**Try it**
Would you give all of the records again, exactly as they read?

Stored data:
=-=-=-=-=
Lemma energy_competitor_le :
  (energy a b G L competitor competitor_slope <=
   ((M ^+ 2 + m ^+ 2) / I + 2 * G1 * \int[mu]_(x in `[t, L]) b x)%:E)%E.
Proof.
have /andP[t0 tL] := t_itv.
have -> : energy a b G L competitor competitor_slope =
  (\int[mu]_(x in `[(- L)%R, L]) (density x)%:E)%E by [].
have Lt : (BLeft (- L) <= BRight (- t))%O by rewrite bnd_simp; lra.
have tt : (BRight (- t) <= BRight t)%O by rewrite bnd_simp; lra.
rewrite (ge0_integral_itv_split density_ge0 Lt _ measurable_density); last by lra.
rewrite (ge0_integral_itv_split density_ge0 tt (ltW tL)); last first.
  apply: measurable_funS measurable_density => //.
  by apply: subset_itv; rewrite bnd_simp; lra.
rewrite [X in (_ + (X + _))%E]integral0_eq ?add0e; last first.
  by move=> x; rewrite /= in_itv /= => /(density_flat x) ->.
apply: le_trans (leeD integral_density_left integral_density_right) _.
rewrite -EFinD lee_fin !Rintegral_ramp_density /cl /cr le_eqVlt.
by apply/predU1P; left; field; exact: lt0r_neq0.
Qed.

End competitor.

Theorem proposition5p2 (R : realType) (a b G : R -> R) (M L m t : R) :
  continuous a -> continuous b -> continuous G ->
  (forall x, a (- x) = a x) -> (forall x, b (- x) = b x) ->
  (forall x, G (- x) = G x) ->
  (forall x, 0 < a x) -> (forall x, 0 < b x) ->
  0 < M -> G M = 0 -> (forall s, G M <= G s) ->
  (forall s, 0 <= s < M -> 0 < G s) ->
  0 < L -> 0 <= m -> 0 <= t < L ->
  let Mbar := Num.max m M in
  let G1 := sup [set G s | s in `]- m, Mbar[] in
  (inf_energy a b G L m <=
    ((M ^+ 2 + m ^+ 2) / (\int[@lebesgue_measure R]_(x in `[t, L]) (a x)^-1)
     + 2 * G1 * (\int[@lebesgue_measure R]_(x in `[t, L]) b x))%:E)%E.
Proof.
move=> ca cb cG ea eb _ a_gt0 b_gt0 M_gt0 GM G_min _ _ m_ge0 t_itv.
have m_lt_Mbar : - m < Num.max m M by rewrite lt_max; apply/orP; right; lra.
set u := competitor a L t M m; set g := competitor_slope a L t M m.
apply: ereal_inf_le; exists (energy a b G L u g).
  by exists u, g; split; first exact: competitor_H1m.
apply: energy_competitor_le => //.
- exact: ltW.
- by move=> x; exact: ltW.
- exact: continuous_measurable_fun.
- by move=> s; rewrite -GM.
- by move=> s; exact: continuous_le_sup_itv_oo.
Qed.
=-=-=-=-=
**Task response**
Lemma energy_competitor_le :
  (energy a b G L competitor competitor_slope <=
   ((M ^+ 2 + m ^+ 2) / I + 2 * G1 * \int[mu]_(x in `[t, L]) b x)%:E)%E.
Proof.
have /andP[t0 tL] := t_itv.
have -> : energy a b G L competitor competitor_slope =
  (\int[mu]_(x in `[(- L)%R, L]) (density x)%:E)%E by [].
have Lt : (BLeft (- L) <= BRight (- t))%O by rewrite bnd_simp; lra.
have tt : (BRight (- t) <= BRight t)%O by rewrite bnd_simp; lra.
rewrite (ge0_integral_itv_split density_ge0 Lt _ measurable_density); last by lra.
rewrite (ge0_integral_itv_split density_ge0 tt (ltW tL)); last first.
  apply: measurable_funS measurable_density => //.
  by apply: subset_itv; rewrite bnd_simp; lra.
rewrite [X in (_ + (X + _))%E]integral0_eq ?add0e; last first.
  by move=> x; rewrite /= in_itv /= => /(density_flat x) ->.
apply: le_trans (leeD integral_density_left integral_density_right) _.
rewrite -EFinD lee_fin !Rintegral_ramp_density /cl /cr le_eqVlt.
by apply/predU1P; left; field; exact: lt0r_neq0.
Qed.

End competitor.

Theorem proposition5p2 (R : realType) (a b G : R -> R) (M L m t : R) :
  continuous a -> continuous b -> continuous G ->
  (forall x, a (- x) = a x) -> (forall x, b (- x) = b x) ->
  (forall x, G (- x) = G x) ->
  (forall x, 0 < a x) -> (forall x, 0 < b x) ->
  0 < M -> G M = 0 -> (forall s, G M <= G s) ->
  (forall s, 0 <= s < M -> 0 < G s) ->
  0 < L -> 0 <= m -> 0 <= t < L ->
  let Mbar := Num.max m M in
  let G1 := sup [set G s | s in `]- m, Mbar[] in
  (inf_energy a b G L m <=
    ((M ^+ 2 + m ^+ 2) / (\int[@lebesgue_measure R]_(x in `[t, L]) (a x)^-1)
     + 2 * G1 * (\int[@lebesgue_measure R]_(x in `[t, L]) b x))%:E)%E.
Proof.
move=> ca cb cG ea eb _ a_gt0 b_gt0 M_gt0 GM G_min _ _ m_ge0 t_itv.
have m_lt_Mbar : - m < Num.max m M by rewrite lt_max; apply/orP; right; lra.
set u := competitor a L t M m; set g := competitor_slope a L t M m.
apply: ereal_inf_le; exists (energy a b G L u g).
  by exists u, g; split; first exact: competitor_H1m.
apply: energy_competitor_le => //.
- exact: ltW.
- by move=> x; exact: ltW.
- exact: continuous_measurable_fun.
- by move=> s; rewrite -GM.
- by move=> s; exact: continuous_le_sup_itv_oo.
Qed.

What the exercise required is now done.